Both functional and physical properties related to vision are known to be abnormal in amblyopia. The former include spatial and temporal visual deficits such as reduced letter acuity and temporal sensitivity, crowding, and decreased position acuity; the latter refers to eccentric and unstable fixational eye movements in strabismic amblyopia. This dissertation represents parallel studies that aim to characterize amblyopic vision from these angles using different approaches.
In the first series of experiments, we systematically explored the size and spacing requirements for identifying a letter among other letters by measuring flanked and unflanked letter acuities in normals and amblyopes, centrally and peripherally, while fixing the medium contrast and brief presentation duration. At fixation, for normals and non-strabismic amblyopes, no crowding has been found: legibility of a flanked letter is limited by overlap masking or acuity depending on the letter spacing. In normal peripheral vision and strabismic amblyopia, legibility is limited by crowding unless the letter spacing is very loose. We show that strabismic and non-strabismic amblyopia are much like normal vision at increased eccentricity or with added blur, respectively, as characterized by the crowding-acuity ratio. For clinical screening tests for strabismic and non-strabismic amblyopia, we recommend measuring both unflanked letter acuity and flanked letter acuity with tight spacing.
In the second series of experiments, we explored the effects of various factors on both flanked and unflanked visual acuities in normal observers. Specifically, we varied polarity, contrast, and duration of the letter stimuli, as well as the pupil size of the observer by adding a pinhole. We find that the critical spacing for crowding in the fovea is 0.09 ~ 0.1 deg. The main effects of and interactions between the above factors provide the context and supplement to the results from the above experiments, based on which we extend the letter legibility model developed from the above experiments by parameterization of each legibility limit to account for a wide range of conditions.
In the third series of experiments, the first experiment estimated the spatiotemporal mechanism for detecting a luminance increment of a bright bar embedded in spatiotemporal noise for normal and amblyopic observers. The normal template is characterized by a temporal summation zone surrounded by symmetric spatial inhibition zones and followed by a temporal inhibition zone. The abnormal amblyopic template lacks inhibition but with normal temporal summation. Neither blurring the stimuli in space and time nor varying the signal-to-noise ratio caused any significant change in the normal or amblyopic template. However, decreasing the fundamental frequency of the stimuli restored the normal template in the amblyopic eye. Furthermore, the normal periphery shares spatial properties with amblyopia but the temporal properties may be different. The second experiment mapped the dynamic of spatiotemporal interactions of crowded stimulus orientations in normal and amblyopic eyes. For normal eyes, crowding occurs at locations adjacent to the target in space and around or before the target presentation in time. Different types of cues may affect the spatiotemporal interaction map differently, but the strongest crowding never coincides with the target presentation. The amblyopic spatiotemporal interaction map is not substantially different from that of the normal eyes, except that in general the spatiotemporal interaction is more widely distributed around and after the target presentation. "Anti-crowding" - repulsion of perceived orientation that is induced by farther flankers is documented in both normal and amblyopic eyes.

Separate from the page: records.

(* Let the setting described in the context hold, and assume conditions (A)(i)–(iii) and (P), with $L_F^2\eta_k<1-\eta_F$ for every $k\ge1$. Let $k\ge1$ be such that the iterate satisfies $x_k^\delta\in\mathcal{B}_\rho(x^\dagger)$, and write $e_k^\delta=x_k^\delta-x^\dagger$. Define \[ c_k^\delta=2\eta_k\lambda_k^\delta\max(1,L_G^2)\big(\tfrac32+2\eta_k\lambda_k^\delta L_G^2\big), \qquad d_k=\frac{(1+\eta_F)^2}{2(1-L_F^2\eta_k-\eta_F)}\eta_k . \] Then \[ \|e_{k+1}^\delta\|^2\le(1+nc_k^\delta)\|e_k^\delta\|^2+nc_k^\delta(C_{max}+\delta)^2+nd_k\delta^2, \] and \begin{align*} \mathbb{E}[\|e_{k+1}^\delta\|^2]\le{}&(1+c_k^\delta)\mathbb{E}[\|e_k^\delta\|^2]+c_k^\delta(C_{max}+\delta)^2+2(1+\eta_F)\eta_k\delta\,\mathbb{E}[\|F(x_k^\delta)-y^\delta\|^2]^{1/2}\\ &-2(1-L_F^2\eta_k-\eta_F)\eta_k\,\mathbb{E}[\|F(x_k^\delta)-y^\delta\|^2]\\ \le{}&(1+c_k^\delta)\mathbb{E}[\|e_k^\delta\|^2]+c_k^\delta(C_{max}+\delta)^2+d_k\delta^2 . \end{align*}
   Context: Setting. $X,Y$ are real Hilbert spaces and $n\ge1$. $Y^n$ is the product Hilbert space with $\|(z_i)\|^2=\sum_i\|z_i\|^2$. For $i=1,\dots,n$, $F_i:\mathcal{D}(F_i)\subset X\to Y$ and $G_i:X\to Y$ are nonlinear, $F(x)=n^{-1/2}(F_1(x),\dots,F_n(x))$ and $G(x)=n^{-1/2}(G_1(x),\dots,G_n(x))$. Data. $y^\dagger=n^{-1/2}(y_1^\dagger,\dots,y_n^\dagger)$ are the exact data and $y^\delta=n^{-1/2}(y_1^\delta,\dots,y_n^\delta)$ the noisy data, with $\|y^\delta-y^\dagger\|\le\delta$. Reference solution. $x_1$ is a deterministic initial guess, and $x^\dagger$ is the solution of $F(x)=y^\dagger$ of minimal distance to $x_1$. Algorithm. $x_1^\delta=x_1$, and \[ x_{k+1}^\delta=x_k^\delta-\eta_k\big(F_{i_k}'(x_k^\delta)^*(F_{i_k}(x_k^\delta)-y^\delta_{i_k})+\lambda_k^\delta G_{i_k}'(x_k^\delta)^*(G_{i_k}(x_k^\delta)-y^\delta_{i_k})\big), \] with $i_k$ drawn uniformly and independently from $\{1,\dots,n\}$, $\eta_k>0$ and $\lambda_k^\delta>0$. $\mathbb{E}$ is expectation over the random indices. (A) There is a closed ball $\mathcal{B}_\rho(x^\dagger)\subset\bigcap_i\mathcal{D}(F_i)$, $\rho\ge\|x_1-x^\dagger\|$ sufficiently large, on which the following hold. (i) $F_i$ and $G_i$ have continuous Fréchet derivatives with $\max_i\sup\|F_i'\|\le L_F$ and $\max_i\sup\|G_i'\|\le L_G$. (ii) There is $\eta_F\in[0,1)$ with $\|F_i(x)-F_i(\tilde x)-F_i'(\tilde x)(x-\tilde x)\|\le\eta_F\|F_i(x)-F_i(\tilde x)\|$ for all $i$ and $x,\tilde x\in\mathcal{B}_\rho(x^\dagger)$. (iii) $C_{min}\le\|G(x^* )-y^\dagger\|\le C_{max}$ for every solution $x^*\in\mathcal{B}_\rho(x^\dagger)$ of $F(x)=y^\dagger$, with constants $0<C_{min}\le C_{max}$. (P) $L_F^2\eta_k<1$, $\sum_k\eta_k=\infty$, and $\sum_k\eta_k\lambda_k^\delta<\infty$. *)

From HB Require Import structures.
From mathcomp Require Import all_boot all_order all_algebra.
From mathcomp Require Import all_classical all_reals all_analysis.
Set Implicit Arguments. Unset Strict Implicit. Unset Printing Implicit Defensive.
Import Order.TTheory GRing.Theory Num.Theory.
Import numFieldNormedType.Exports.
Local Open Scope classical_set_scope.
Local Open Scope ring_scope.

(* A real inner product on a normed space whose induced norm is the norm.
   Together with completeness (completeNormedModType) this is a real
   Hilbert space. *)
Definition is_inner_product (R : realType) (V : normedModType R)
    (ip : V -> V -> R) : Prop :=
  (forall u v, ip u v = ip v u) /\
  (forall (a : R) u v w, ip (a *: u + v) w = a * ip u w + ip v w) /\
  (forall u, ip u u = `|u| ^+ 2).

Definition cball (R : realType) (V : normedModType R) (c : V) (r : R) : set V :=
  [set x | `|x - c| <= r].

Definition C1_on (R : realType) (V W : normedModType R) (f : V -> W)
    (A : set V) : Prop :=
  (forall x, A x -> differentiable f x) /\
  (forall x, A x -> forall e : R, 0 < e -> exists2 d : R, 0 < d &
     forall y, A y -> `|y - x| < d ->
       forall h, `|'d f y h - 'd f x h| <= e * `|h|).

(* Norm in Y^n of the vector n^{-1/2}(z_1,...,z_n):
   ||n^{-1/2} z|| = sqrt( n^{-1} sum_i ||z_i||^2 ). *)
Definition pnorm (R : realType) (Y : normedModType R) (n : nat)
    (z : 'I_n -> Y) : R :=
  Num.sqrt (n%:R^-1 * \sum_(i < n) `|z i| ^+ 2).

(* One step of the algorithm at (paper) iteration k with index i:
   x - eta_k (F_i'(x)^*(F_i(x)-y_i) + lam_k G_i'(x)^*(G_i(x)-y_i)).
   Fs i x, Gs i x stand for the adjoints F_i'(x)^*, G_i'(x)^*. *)
Definition step (R : realType) (X Y : normedModType R) (n : nat)
    (F G : 'I_n -> X -> Y) (Fs Gs : 'I_n -> X -> Y -> X) (yd : 'I_n -> Y)
    (eta lam : nat -> R) (k : nat) (i : 'I_n) (x : X) : X :=
  x - eta k *: (Fs i x (F i x - yd i) + lam k *: Gs i x (G i x - yd i)).

(* run k x s: start from x at (paper) iteration k and apply the steps with
   the successive indices in s.  Hence for t = (i_1,...,i_m),
   run 1 x_1 t = x_{m+1}. *)
Fixpoint run (R : realType) (X Y : normedModType R) (n : nat)
    (F G : 'I_n -> X -> Y) (Fs Gs : 'I_n -> X -> Y -> X) (yd : 'I_n -> Y)
    (eta lam : nat -> R) (k : nat) (x : X) (s : seq 'I_n) : X :=
  match s with
  | [::] => x
  | i :: s' => run F G Fs Gs yd eta lam k.+1 (step F G Fs Gs yd eta lam k i x) s'
  end.

(* Expectation over m indices drawn uniformly and independently from
   {1,...,n}: the uniform average over all m-tuples. *)
Definition Eunif (R : realType) (n m : nat) (f : m.-tuple 'I_n -> R) : R :=
  (n%:R ^+ m)^-1 * \sum_(t : m.-tuple 'I_n) f t.

From HB Require Import structures.
From mathcomp Require Import all_boot all_order all_algebra.
From mathcomp Require Import all_classical all_reals all_analysis.
From mathcomp Require Import lra ring.
Set Implicit Arguments. Unset Strict Implicit. Unset Printing Implicit Defensive.
Import Order.TTheory GRing.Theory Num.Theory.
Import numFieldNormedType.Exports.
Local Open Scope classical_set_scope.
Local Open Scope ring_scope.

(* Write e_k = x_k - x^dagger, r = F_i(x_k) - y_i^delta and s = G_i(x_k) - y_i^delta,
   and expand |e_{k+1}|^2 = |e_k - eta_k (F_i'(x_k)^* r + lam_k G_i'(x_k)^* s)|^2.
   The tangential cone condition bounds <F_i'(x_k) e_k, r> from below by
   (1 - eta_F) |r|^2 - (1 + eta_F) |y_i^delta - y_i^dagger| |r|, and the mean value
   theorem makes G_i L_G-Lipschitz on the ball, so all G-terms are absorbed into
   c_k (|e_k|^2 + (|G_i(x^dagger) - y_i^dagger| + |y_i^delta - y_i^dagger|)^2).
   Averaging over the last index, Cauchy-Schwarz in Y^n bounds the noise cross term
   by delta ||F(x_k) - y^delta||; averaging over the earlier indices, Jensen bounds
   E ||F(x_k) - y^delta|| by the square root of its second moment.  Completing the
   square in the residual gives the d_k delta^2 term.  The pathwise bound instead uses
   that a nonnegative summand is at most n times the average over the n indices. *)

Section InnerProduct.
Context (R : realType) (V : normedModType R) (ip : V -> V -> R).
Hypothesis ip_inner : is_inner_product ip.

Lemma ipC u v : ip u v = ip v u.
Proof. by case: ip_inner => + _; apply. Qed.

Lemma ip_linear a u v w : ip (a *: u + v) w = a * ip u w + ip v w.
Proof. by case: ip_inner => _ [+ _]; apply. Qed.

Lemma ipnormE u : ip u u = `|u| ^+ 2.
Proof. by case: ip_inner => _ [_]; apply. Qed.

Lemma ipDl u v w : ip (u + v) w = ip u w + ip v w.
Proof. by have := ip_linear 1 u v w; rewrite scale1r mul1r. Qed.

Lemma ipZl a u w : ip (a *: u) w = a * ip u w.
Proof.
have ip0 : ip 0 w = 0 by have := ipDl 0 0 w; rewrite addr0; lra.
by rewrite -[a *: u]addr0 ip_linear ip0 addr0.
Qed.

Lemma ipNl u w : ip (- u) w = - ip u w.
Proof. by rewrite -scaleN1r ipZl mulN1r. Qed.

Lemma ipBl u v w : ip (u - v) w = ip u w - ip v w.
Proof. by rewrite ipDl ipNl. Qed.

Lemma ipDr u v w : ip w (u + v) = ip w u + ip w v.
Proof. by rewrite ipC ipDl !(ipC w). Qed.

Lemma ipZr a u w : ip w (a *: u) = a * ip w u.
Proof. by rewrite ipC ipZl ipC. Qed.

Lemma ipNr u w : ip w (- u) = - ip w u.
Proof. by rewrite ipC ipNl ipC. Qed.

Lemma normD_sqr u v : `|u + v| ^+ 2 = `|u| ^+ 2 + 2 * ip u v + `|v| ^+ 2.
Proof. by rewrite -!ipnormE ipDl !ipDr (ipC v u); ring. Qed.

Lemma normB_sqr u v : `|u - v| ^+ 2 = `|u| ^+ 2 - 2 * ip u v + `|v| ^+ 2.
Proof. by rewrite normD_sqr ipNr normrN; ring. Qed.

Lemma ip_le_norm u v : ip u v <= `|u| * `|v|.
Proof.
have : `|u + v| ^+ 2 <= (`|u| + `|v|) ^+ 2.
  by rewrite ler_sqr ?nnegrE ?addr_ge0 // ler_normD.
rewrite normD_sqr; lra.
Qed.

Lemma ip_ge_norm u v : - (`|u| * `|v|) <= ip u v.
Proof. by have := ip_le_norm u (- v); rewrite ipNr normrN; lra. Qed.

Lemma oppr_ip2_le u v : - (2 * ip u v) <= `|u| ^+ 2 + `|v| ^+ 2.
Proof. by have := sqr_ge0 `|u + v|; rewrite normD_sqr; lra. Qed.

Lemma normD_sqr_le (u v : V) : `|u + v| ^+ 2 <= 2 * `|u| ^+ 2 + 2 * `|v| ^+ 2.
Proof. by have := oppr_ip2_le u (- v); rewrite normD_sqr ipNr normrN; lra. Qed.

Lemma ip_continuousl w : continuous (ip^~ w).
Proof.
have ip_linearl : linear (ip^~ w) by move=> a u v; rewrite ip_linear.
pose l : {linear V -> R} := HB.pack (ip^~ w) (GRing.isLinear.Build _ _ _ _ _ ip_linearl).
suff : continuous l by [].
apply/linear_bounded_continuous/bounded_funP => r; exists (r * `|w|) => y yr /=.
rewrite ler_norml; have := ip_ge_norm y w; have := ip_le_norm y w.
have := normr_ge0 w; nra.
Qed.

End InnerProduct.

Section FiniteAverage.
Context (R : realType) (T : finType).

Definition favg (f : T -> R) : R := #|T|%:R^-1 * \sum_t f t.

Lemma favg_le (f g : T -> R) : (forall t, f t <= g t) -> favg f <= favg g.
Proof. by move=> fg; rewrite ler_wpM2l ?invr_ge0 // ler_sum. Qed.

Lemma favgD (f g : T -> R) : favg (fun t => f t + g t) = favg f + favg g.
Proof. by rewrite /favg big_split mulrDr. Qed.

Lemma favgB (f g : T -> R) : favg (fun t => f t - g t) = favg f - favg g.
Proof. by rewrite /favg sumrB mulrBr. Qed.

Lemma favgZ (c : R) (f : T -> R) : favg (fun t => c * f t) = c * favg f.
Proof. by rewrite /favg -mulr_sumr mulrCA. Qed.

Lemma favg_cst (c : R) : (0 < #|T|)%N -> favg (fun=> c) = c.
Proof.
by move=> T0; rewrite /favg sumr_const -[c *+ _]mulr_natl mulKf // pnatr_eq0 -lt0n.
Qed.

Lemma favg_ge0 (f : T -> R) : (forall t, 0 <= f t) -> 0 <= favg f.
Proof. by move=> f0; apply: mulr_ge0; [rewrite invr_ge0 | apply: sumr_ge0]. Qed.

Lemma le_card_favg (f : T -> R) (t : T) :
  (forall s, 0 <= f s) -> f t <= #|T|%:R * favg f.
Proof.
move=> f0; have T0 : #|T|%:R != 0 :> R.
  by rewrite pnatr_eq0 -lt0n; apply/card_gt0P; exists t.
by rewrite /favg mulrA mulfV // mul1r (bigD1 t) //= lerDl sumr_ge0.
Qed.

Lemma sumr_mul_sqr_le (f g : T -> R) :
  (\sum_t f t * g t) ^+ 2 <= (\sum_t f t ^+ 2) * (\sum_t g t ^+ 2).
Proof.
have : 0 <= \sum_s \sum_t (f s * g t - f t * g s) ^+ 2.
  by do 2 (apply: sumr_ge0 => ? _); apply: sqr_ge0.
(* Lagrange's identity *)
have -> : \sum_s \sum_t (f s * g t - f t * g s) ^+ 2 =
    \sum_s \sum_t (f s ^+ 2 * g t ^+ 2) + \sum_s \sum_t (f t ^+ 2 * g s ^+ 2)
    - 2 * \sum_s \sum_t (f s * g s * (f t * g t)).
  rewrite mulr_sumr -big_split -sumrB /=; apply: eq_bigr => s _.
  rewrite mulr_sumr -big_split -sumrB /=; apply: eq_bigr => t _; ring.
rewrite [X in _ + X - _]exchange_big /= -!big_distrlr /= expr2; lra.
Qed.

Lemma favg_mul_le (f g : T -> R) :
  favg (fun t => f t * g t) <=
  Num.sqrt (favg (fun t => f t ^+ 2)) * Num.sqrt (favg (fun t => g t ^+ 2)).
Proof.
rewrite -sqrtrM ?favg_ge0 // => [|t]; last exact: sqr_ge0.
apply: le_trans (ler_norm _) _; rewrite -sqrtr_sqr; apply: ler_wsqrtr.
rewrite /favg [X in X <= _]exprMn [X in _ <= X]mulrACA -expr2.
by apply: ler_wpM2l; [rewrite exprn_ge0 ?invr_ge0 | apply: sumr_mul_sqr_le].
Qed.

Lemma favg_le_sqrt (f : T -> R) :
  (0 < #|T|)%N -> favg f <= Num.sqrt (favg (fun t => f t ^+ 2)).
Proof.
move=> T0; have := favg_mul_le f (fun=> 1).
by rewrite expr1n favg_cst // sqrtr1 mulr1; under eq_fun do rewrite mulr1.
Qed.

Lemma favg_sqrD_le (f g : T -> R) :
  favg (fun t => (f t + g t) ^+ 2) <=
  (Num.sqrt (favg (fun t => f t ^+ 2)) + Num.sqrt (favg (fun t => g t ^+ 2))) ^+ 2.
Proof.
have -> : favg (fun t => (f t + g t) ^+ 2) =
    favg (fun t => f t ^+ 2) + 2 * favg (fun t => f t * g t) + favg (fun t => g t ^+ 2).
  rewrite -favgZ -!favgD /favg; congr (_ * _); apply: eq_bigr => t _; ring.
have := favg_mul_le f g.
rewrite sqrrD !sqr_sqrtr ?favg_ge0 // => [|t|t]; [lra | exact: sqr_ge0 | exact: sqr_ge0].
Qed.

End FiniteAverage.

Lemma run_rcons (R : realType) (X Y : normedModType R) (n : nat)
    (F G : 'I_n -> X -> Y) (Fs Gs : 'I_n -> X -> Y -> X) (yd : 'I_n -> Y)
    (eta lam : nat -> R) (s : seq 'I_n) (k : nat) (x : X) (i : 'I_n) :
  run F G Fs Gs yd eta lam k x (rcons s i) =
  step F G Fs Gs yd eta lam (k + size s) i (run F G Fs Gs yd eta lam k x s).
Proof.
elim: s k x => [|j s IH] k x /=; first by rewrite addn0.
by rewrite IH addSnnS.
Qed.

Lemma sum_tuple_rcons (R : realType) (T : finType) (m : nat) (g : seq T -> R) :
  \sum_(u : m.+1.-tuple T) g u = \sum_(t : m.-tuple T) \sum_(i : T) g (rcons t i).
Proof.
pose h (p : m.-tuple T * T) : m.+1.-tuple T := [tuple of rcons p.1 p.2].
pose h' (u : m.+1.-tuple T) : m.-tuple T * T :=
  ([tuple of belast (thead u) (behead_tuple u)], last (thead u) (behead u)).
have theadE (u : m.+1.-tuple T) : thead u :: behead u = u :> seq T.
  by rewrite [in RHS](tuple_eta u).
have hK : cancel h h'.
  move=> [t i]; rewrite /h /h' /=.
  have := lastI (thead [tuple of rcons t i]) (behead [tuple of rcons t i]).
  rewrite theadE => /rcons_inj [tE iE].
  by congr (_, _) => //; apply: val_inj.
have h'K : cancel h' h by move=> u; apply: val_inj; rewrite /h /h' /= -lastI theadE.
rewrite (reindex h) /=; last by exists h' => // ? _.
by rewrite pair_big.
Qed.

In the fourth series of experiments, an adaptive optics scanning laser ophthalmoscope (AOSLO) was used to record fixational eye movements, allowing direct viewing of retinal movements and fixation locations. Fixational eye movements were modeled as a stochastic process governed by a potential function assumed to have the form of a quadratic polynomial for both normal and strabismic amblyopic observers. Our results confirm that microsaccades, on average, correct for fixation inaccuracy. Microsaccades occur more frequently and tend to move faster towards the target at relatively large displacements. Drift is modeled as a Brownian motion with constant rate over time plus an error-correcting component initially following a microsaccade. The unstable eccentric fixational eye movements in strabismic amblyopia are characterized by frequent intrusive saccades with large amplitudes and high speeds. The strabismic amblyopic fixation pattern on multiple loci is task dependent, with less eccentric but unstable fixation induced by challenging tasks, and relatively stable fixation by small highly visible static targets.